Existing medications can prevent SARS-CoV-2 from hijacking cells

An international team of researchers has analyzed how SARS-CoV-2, the virus that causes COVID-19, hijacks proteins in their target cells. The research, published in the magazine. Cell, shows how the virus changes cell activity to promote its own replication and infect nearby cells. The scientists also identified seven clinically approved drugs that could alter these mechanisms, and recommend that these drugs be tested immediately in clinical trials.

The collaboration included researchers from the EMBL European Bioinformatics Institute (EMBL-EBI), the Coronavirus Research Group at the Institute for Quantitative Biological Sciences at the University of California, San Francisco School of Pharmacy (UCSF), the Howard Medical Institute Hughes, the Pasteur Institute and CIBSS Cluster Excellence at the University of Freiburg.
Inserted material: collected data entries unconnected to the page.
Theorem lemma2p6 (f : fun4) (kappa : R) (fbar : R -> R -> R)
  (Hcont : continuous4 f) (Hbdd : bounded4 f) (Hlip : lipschitz4 kappa f)
  (Hper : periodic_r_tau f) (Hmon : nonincreasing_u f)
  (Hfbar : is_effective f fbar) :
  forall (c : R) (ubar : R -> R),
    solves (fun t v => fbar v t) c ubar ->
    forall (eps : R) (ue : R -> R), 0 < eps ->
      solves (fun t v => f (v / eps) (t / eps) v t) c ue ->
      forall t, 0 < t -> Rabs (ue t - ubar t) <= 2 * supnorm f * t.
Proof.
  intros c ubar Hubar eps ue Heps Hue t Ht.
  pose proof (solves_Rabs_sub_le _ _ _ _
                (fun t v => Rabs_le_supnorm f Hbdd _ _ _ _) Hue t) as Hue_dev.
  pose proof (solves_Rabs_sub_le _ _ _ _
                (fun t v => Rabs_effective_le_supnorm f kappa fbar Hbdd Hlip Hfbar v t)
                Hubar t) as Hubar_dev.
  rewrite (Rabs_pos_eq t) in Hue_dev, Hubar_dev by lra.
  replace (ue t - ubar t) with ((ue t - c) - (ubar t - c)) by ring.
  eapply Rle_trans; [apply Rabs_triang|]. rewrite Rabs_Ropp. lra.
Qed.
Viruses cannot replicate and spread on their own: they need an organism, their host, to transport, replicate, and transmit them to other hosts. To facilitate this process, viruses need to take control of the machinery of their host cell and manipulate it to produce new viral particles. Sometimes this sequestration interferes with the activity of the host’s enzymes and other proteins.
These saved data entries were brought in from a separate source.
Lemma orbit_mass_transport (f : R -> R) a b a' b' : G f ->
  (forall y, In01 y -> indic a b (f y) = indic a' b' y) ->
  orbit_mass a' b' = orbit_mass a b.
Proof.
  intros Gf f_maps; unfold orbit_mass.
  rewrite <- (m_invariant f (fun g => indic a b (g 0)))
    by (auto; apply linfGH_orbit, Rabs_indic_le1).
  apply mean_ext.
  - apply linfGH_orbit, Rabs_indic_le1.
  - apply (linfGH_orbit (fun y => indic a b (f y))); intros; apply Rabs_indic_le1.
  - intros g Hg; symmetry; apply f_maps, G_orbit_0; auto.
Qed.

Variables (s : R -> R) (t : R).

Hypothesis t_pos : 0 < t.
Hypothesis G_s : G s.
Hypothesis s_shifts : forall y, In01 y -> forall a b, t <= a -> b <= 1 ->
  indic a b (s y) = indic (a - t) (b - t) y.

Lemma orbit_mass_cell (j : nat) : (INR j + 1) * t <= 1 ->
  orbit_mass (INR j * t) ((INR j + 1) * t) = orbit_mass 0 t.
Proof.
  induction j as [|j IHj]; intros Hj.
  - simpl; f_equal; ring.
  - rewrite S_INR in *; assert (0 <= INR j) by apply pos_INR.
    rewrite <- IHj by nra; symmetry.
    apply (orbit_mass_transport s); auto.
    intros y Hy; rewrite s_shifts by (auto; nra); f_equal; ring.
Qed.

Lemma orbit_mass_grid (n : nat) : INR n * t <= 1 ->
  orbit_mass 0 (INR n * t) = INR n * orbit_mass 0 t.
Proof.
  induction n as [|n IHn]; intros Hn.
  - simpl; rewrite Rmult_0_l; pose proof (orbit_mass_additive 0 0 0); lra.
  - rewrite S_INR in *; assert (0 <= INR n) by apply pos_INR.
    rewrite (orbit_mass_additive 0 (INR n * t)) by nra.
    rewrite IHn, orbit_mass_cell by nra; ring.
Qed.

End OrbitMass.

Lemma not_coamenable_of_shift_and_expansion (G H : (R -> R) -> Prop)
    (s v : R -> R) (t : R) (N k j : nat) :
  (forall h, H h -> h 0 = 0) -> (forall g, G g -> In01 (g 0)) ->
  0 < t -> INR N * t = 1 -> G s ->
  (forall y, In01 y -> forall a b, t <= a -> b <= 1 ->
     indic a b (s y) = indic (a - t) (b - t) y) ->
  k <> 1%nat -> INR k * t <= 1 -> (INR j + 1) * t <= 1 -> G v ->
  (forall y, In01 y -> indic 0 (INR k * t) (v y) = indic (INR j * t) ((INR j + 1) * t) y) ->
  ~ coamenable G H.
Proof.
  intros H_fix G_orb t_pos Nt Gs s_shifts k_neq1 kt jt Gv v_expands
    [m [m_lin [m_pos [m_one m_inv]]]].
  set (c := orbit_mass m 0 t).
  assert (cell : orbit_mass m (INR j * t) ((INR j + 1) * t) = c)
    by (apply (orbit_mass_cell G H) with s; auto).
  assert (grid_k : orbit_mass m 0 (INR k * t) = INR k * c)
    by (apply (orbit_mass_grid G H) with s; auto).
  assert (grid_N : orbit_mass m 0 (INR N * t) = INR N * c)
    by (apply (orbit_mass_grid G H) with s; auto; lra).
  assert (stretch : orbit_mass m (INR j * t) ((INR j + 1) * t) = orbit_mass m 0 (INR k * t))
    by (apply (orbit_mass_transport G H) with v; auto).
  assert (full : orbit_mass m 0 1 = 1) by (apply (orbit_mass_full G H); auto).
  assert (c_zero : c = 0).
  { assert (INR k - 1 <> 0) by (pose proof (not_1_INR k k_neq1); lra).
    apply (Rmult_eq_reg_l (INR k - 1)); auto; lra. }
  rewrite Nt, full, c_zero in grid_N; lra.
Qed.

Definition on01 (f : R -> R) (x : R) : R :=
  if Rle_dec 0 x then if Rlt_dec x 1 then f x else x else x.

Lemma on01_in f x : In01 x -> on01 f x = f x.
Proof. intros [? ?]; unfold on01; case_R_dec; lra. Qed.

Lemma on01_out f x : ~ In01 x -> on01 f x = x.
Proof. unfold on01, In01; intros Hx; case_R_dec; auto; exfalso; apply Hx; lra. Qed.

Definition mono_lip_on (V : R -> R) (L a b : R) : Prop :=
  forall x y, a <= x -> x <= y -> y <= b -> 0 <= V y - V x <= L * (y - x).

Lemma mono_lip_on_affine V L a b k q : 0 <= k <= L ->
  (forall z, a <= z <= b -> V z = k * z + q) -> mono_lip_on V L a b.
Proof. intros Hk HV x y Hx Hxy Hy; rewrite !HV by lra; nra. Qed.

Lemma mono_lip_on_concat V L a b c : a <= b <= c ->
  mono_lip_on V L a b -> mono_lip_on V L b c -> mono_lip_on V L a c.
Proof.
  intros Hb H1 H2 x y Hx Hxy Hy.
  destruct (Rle_dec y b); [apply H1; lra|].
  destruct (Rle_dec b x); [apply H2; lra|].
  specialize (H1 x b ltac:(lra) ltac:(lra) ltac:(lra)).
  specialize (H2 b y ltac:(lra) ltac:(lra) ltac:(lra)); lra.
Qed.

Lemma cdist_sym x y : cdist x y = cdist y x.
Proof. unfold cdist; rewrite Rabs_minus_sym; auto. Qed.

Lemma circ_continuous_ext f g :
  (forall x, In01 x -> f x = g x) -> circ_continuous f -> circ_continuous g.
Proof.
  intros E Hf x Hx eps Heps.
  destruct (Hf x Hx eps Heps) as [delta [Hdelta Hclose]].
  exists delta; split; auto; intros y Hy Hxy; rewrite <- !E by auto; auto.
Qed.

(* V is a lift of f to the universal cover of the circle, of degree one and
   monotone, so f is L-Lipschitz for the circle distance. *)
Section CircleLift.

Variables (f V : R -> R) (L : R).

Hypothesis L_pos : 0 < L.
Hypothesis f_maps01 : forall x, In01 x -> In01 (f x).
Hypothesis V_lifts_f : forall x, In01 x -> f x = V x \/ f x = V x - 1.
Hypothesis V_degree1 : V 1 = V 0 + 1.
Hypothesis V_mono_lip : mono_lip_on V L 0 1.

Lemma cdist_le_of_lift x y : In01 x -> In01 y -> x <= y ->
  cdist (f x) (f y) <= L * cdist x y.
Proof.
  intros Hx Hy Hxy.
  pose proof (f_maps01 x Hx); pose proof (f_maps01 y Hy); unfold In01 in *.
  pose proof (V_mono_lip x y ltac:(lra) ltac:(lra) ltac:(lra)).
  pose proof (V_mono_lip 0 x ltac:(lra) ltac:(lra) ltac:(lra)).
  pose proof (V_mono_lip y 1 ltac:(lra) ltac:(lra) ltac:(lra)).
  assert (Rabs (f x - f y) = V y - V x \/ Rabs (f x - f y) = 1 - (V y - V x)) as Habs.
  { destruct (V_lifts_f x Hx) as [Ex|Ex], (V_lifts_f y Hy) as [Ey|Ey];
      rewrite Ex, Ey in *.
    - left; rewrite Rabs_left1; lra.
    - right; rewrite Rabs_right; lra.
    - lra.
    - left; rewrite Rabs_left1; lra. }
  assert (Hxy_dist : cdist x y = Rmin (y - x) (1 - (y - x)))
    by (unfold cdist; rewrite (Rabs_left1 (x - y)) by lra; f_equal; ring).
  rewrite Hxy_dist; unfold cdist.
  pose proof (Rmin_l (Rabs (f x - f y)) (1 - Rabs (f x - f y))).
  pose proof (Rmin_r (Rabs (f x - f y)) (1 - Rabs (f x - f y))).
  unfold Rmin at 2; destruct Rle_dec; lra.
Qed.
Once a protein is produced, enzymes can change their activity by making chemical modifications to its structure. For example, phosphorylation (the addition of a phosphoryl group to a protein by a type of enzyme called kinase) plays a critical role in regulating many cellular processes, including cell-to-cell communication, cell growth, and cell death. . By altering phosphorylation patterns in host proteins, a virus can potentially promote its own transmission to other cells, and eventually to other hosts.

The scientists used mass spectrometry, a tool to analyze the properties of a sample by measuring the mass of its molecules and molecular fragments, to evaluate all the host and viral proteins that showed changes in phosphorylation after SARS-CoV infection. two. They found that 12% of the host proteins that interact with the virus were modified. The researchers also identified the kinases that are most likely to regulate these modifications. Kinases are potential targets of drugs to stop virus activity and treat COVID-19.

The extraordinary behavior of infected cells.

“The virus prevents human cells from dividing, keeping them at a particular point in the cell cycle. This provides the virus with a relatively stable and suitable environment for further replication,” explains Pedro Beltrao, group leader at EMBL-EBI.

SARS-CoV-2 not only affects cell division, but also cell shape. One of the key findings of the study is that infected cells exhibit long, branched, arm-shaped or filopodia extensions. These structures can help the virus reach nearby cells in the body and advance infection, but further study is warranted.

“The clear visualization of the extensive branching of filopodia once again clarifies how understanding the biology of virus-host interaction can shed light on potential intervention points in disease,” says Nevan Krogan, director of the Institute for Quantitative Biosciences at UCSF and Principal Investigator at Gladstone Institutes.

Old drugs, new treatments

“The kinases possess certain structural characteristics that make them good pharmacological targets. Drugs have already been developed to attack some of the kinases that we identified, so we urge clinical researchers to test the antiviral effects of these drugs in their trials.” Beltrao says.

In some patients, COVID-19 causes an overreaction of the immune system, leading to inflammation. An ideal treatment would alleviate these exaggerated inflammatory symptoms while stopping virus replication. Existing drugs targeting kinase activity may be the solution to both problems.

The researchers identified dozens of drugs approved by the Food and Drug Administration (FDA) or ongoing clinical trials that target the kinases of interest. Seven of these compounds, primarily compounds against cancer and inflammatory diseases, demonstrated potent antiviral activity in laboratory experiments.

“Our data-driven approach to drug discovery has identified a new set of drugs that have great potential to combat COVID-19, either on their own or in combination with other drugs, and we are excited to see if they will help end this pandemic, “says Krogan.

“We hope to build on this work by testing many other kinase inhibitors while identifying the underlying pathways and potential additional therapies that can intervene in COVID-19 effectively,” says Kevan Shokat, professor in the UCSF Department of Cellular and Molecular Pharmacology.